WHAT IS NEEDED:
Could you set down every entry below exactly as it is?

···

(* Let $q>0$ and let $\{|n_q\rangle\}_{n\ge0}$ be the orthonormal basis of $ML^2(\mathbb{C}\setminus\mathbb{R}_-;q)$ given by \[ |n_q\rangle(z)=\frac{z^{qn}}{\sqrt{\Gamma(qn+1)}}. \] Then: <ol> <li>Each $|n_q\rangle$ lies in the domain of $a^\dagger a$.</li> <li>We have \[ a^\dagger a|n_q\rangle=\begin{cases}\dfrac{\Gamma(qn+1)}{\Gamma(q(n-1)+1)}\,|n_q\rangle, & n\ge1,\\[2mm] 0, & n=0.\end{cases} \]</li> <li>The operator $a^\dagger a$, defined on the linear span of $\{|n_q\rangle\}$ by these relations, extends to a positive self-adjoint operator, again denoted $a^\dagger a$, on its maximal domain.</li> <li>If $f(z)=\sum_{n=0}^\infty a_n z^{qn}$ belongs to $ML^2(\mathbb{C}\setminus\mathbb{R}_-;q)$ and to the domain of $a^\dagger a$, then \[ (a^\dagger a f)(z)=\sum_{n=1}^\infty a_n\frac{\Gamma(qn+1)}{\Gamma(q(n-1)+1)}\,z^{qn}. \]</li> </ol>
   Context: Fix $q>0$. The Mittag-Leffler space of the slitted plane is \[ ML^2(\mathbb{C}\setminus\mathbb{R}_-;q)=\Big\{f:\mathbb{C}\setminus\mathbb{R}_-\to\mathbb{C},\ f(z)=\sum_{n\ge0}a_nz^{qn}\ :\ \sum_{n\ge0}|a_n|^2\Gamma(qn+1)<\infty\Big\}, \] with the principal branch of $z^{qn}$ on $\mathbb{C}\setminus(-\infty,0]$. Its scalar product is \[ \langle f,g\rangle=\sum_{n\ge0}\overline{a_n}\,b_n\,\Gamma(qn+1) \] for $f=\sum a_nz^{qn}$ and $g=\sum b_nz^{qn}$. For $f=\sum a_n z^{qn}$, the Caputo fractional derivative of order $q$ is \[ D^q_*f(z)=\sum_{n\ge1}a_n\frac{\Gamma(qn+1)}{\Gamma(q(n-1)+1)}z^{q(n-1)}, \] defined whenever $\sum_{n\ge1}|a_n|^2\,\big|\Gamma(qn+1)/\Gamma(q(n-1)+1)\big|^2<\infty$. The creation and annihilation operators are defined as follows: <ul> <li>$a^\dagger f=z^q f$ on $\operatorname{Dom}(a^\dagger)=\{f\in ML^2(\mathbb{C}\setminus\mathbb{R}_-;q): z^qf\in ML^2(\mathbb{C}\setminus\mathbb{R}_-;q)\}$;</li> <li>$af=D^q_*f$ on $\operatorname{Dom}(a)=\{f\in ML^2(\mathbb{C}\setminus\mathbb{R}_-;q): D^q_*f\in ML^2(\mathbb{C}\setminus\mathbb{R}_-;q)\}$.</li> </ul> These are closed, densely defined and mutually adjoint. The operator $a^\dagger a$ is defined on $\{f\in\operatorname{Dom}(a): af\in\operatorname{Dom}(a^\dagger)\}$. *)

From Stdlib Require Import Reals.
From Coquelicot Require Import Coquelicot.
Open Scope R_scope.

···

EXERCISE RESPONSE:
(* Let $q>0$ and let $\{|n_q\rangle\}_{n\ge0}$ be the orthonormal basis of $ML^2(\mathbb{C}\setminus\mathbb{R}_-;q)$ given by \[ |n_q\rangle(z)=\frac{z^{qn}}{\sqrt{\Gamma(qn+1)}}. \] Then: <ol> <li>Each $|n_q\rangle$ lies in the domain of $a^\dagger a$.</li> <li>We have \[ a^\dagger a|n_q\rangle=\begin{cases}\dfrac{\Gamma(qn+1)}{\Gamma(q(n-1)+1)}\,|n_q\rangle, & n\ge1,\\[2mm] 0, & n=0.\end{cases} \]</li> <li>The operator $a^\dagger a$, defined on the linear span of $\{|n_q\rangle\}$ by these relations, extends to a positive self-adjoint operator, again denoted $a^\dagger a$, on its maximal domain.</li> <li>If $f(z)=\sum_{n=0}^\infty a_n z^{qn}$ belongs to $ML^2(\mathbb{C}\setminus\mathbb{R}_-;q)$ and to the domain of $a^\dagger a$, then \[ (a^\dagger a f)(z)=\sum_{n=1}^\infty a_n\frac{\Gamma(qn+1)}{\Gamma(q(n-1)+1)}\,z^{qn}. \]</li> </ol>
   Context: Fix $q>0$. The Mittag-Leffler space of the slitted plane is \[ ML^2(\mathbb{C}\setminus\mathbb{R}_-;q)=\Big\{f:\mathbb{C}\setminus\mathbb{R}_-\to\mathbb{C},\ f(z)=\sum_{n\ge0}a_nz^{qn}\ :\ \sum_{n\ge0}|a_n|^2\Gamma(qn+1)<\infty\Big\}, \] with the principal branch of $z^{qn}$ on $\mathbb{C}\setminus(-\infty,0]$. Its scalar product is \[ \langle f,g\rangle=\sum_{n\ge0}\overline{a_n}\,b_n\,\Gamma(qn+1) \] for $f=\sum a_nz^{qn}$ and $g=\sum b_nz^{qn}$. For $f=\sum a_n z^{qn}$, the Caputo fractional derivative of order $q$ is \[ D^q_*f(z)=\sum_{n\ge1}a_n\frac{\Gamma(qn+1)}{\Gamma(q(n-1)+1)}z^{q(n-1)}, \] defined whenever $\sum_{n\ge1}|a_n|^2\,\big|\Gamma(qn+1)/\Gamma(q(n-1)+1)\big|^2<\infty$. The creation and annihilation operators are defined as follows: <ul> <li>$a^\dagger f=z^q f$ on $\operatorname{Dom}(a^\dagger)=\{f\in ML^2(\mathbb{C}\setminus\mathbb{R}_-;q): z^qf\in ML^2(\mathbb{C}\setminus\mathbb{R}_-;q)\}$;</li> <li>$af=D^q_*f$ on $\operatorname{Dom}(a)=\{f\in ML^2(\mathbb{C}\setminus\mathbb{R}_-;q): D^q_*f\in ML^2(\mathbb{C}\setminus\mathbb{R}_-;q)\}$.</li> </ul> These are closed, densely defined and mutually adjoint. The operator $a^\dagger a$ is defined on $\{f\in\operatorname{Dom}(a): af\in\operatorname{Dom}(a^\dagger)\}$. *)

From Stdlib Require Import Reals.
From Coquelicot Require Import Coquelicot.
Open Scope R_scope.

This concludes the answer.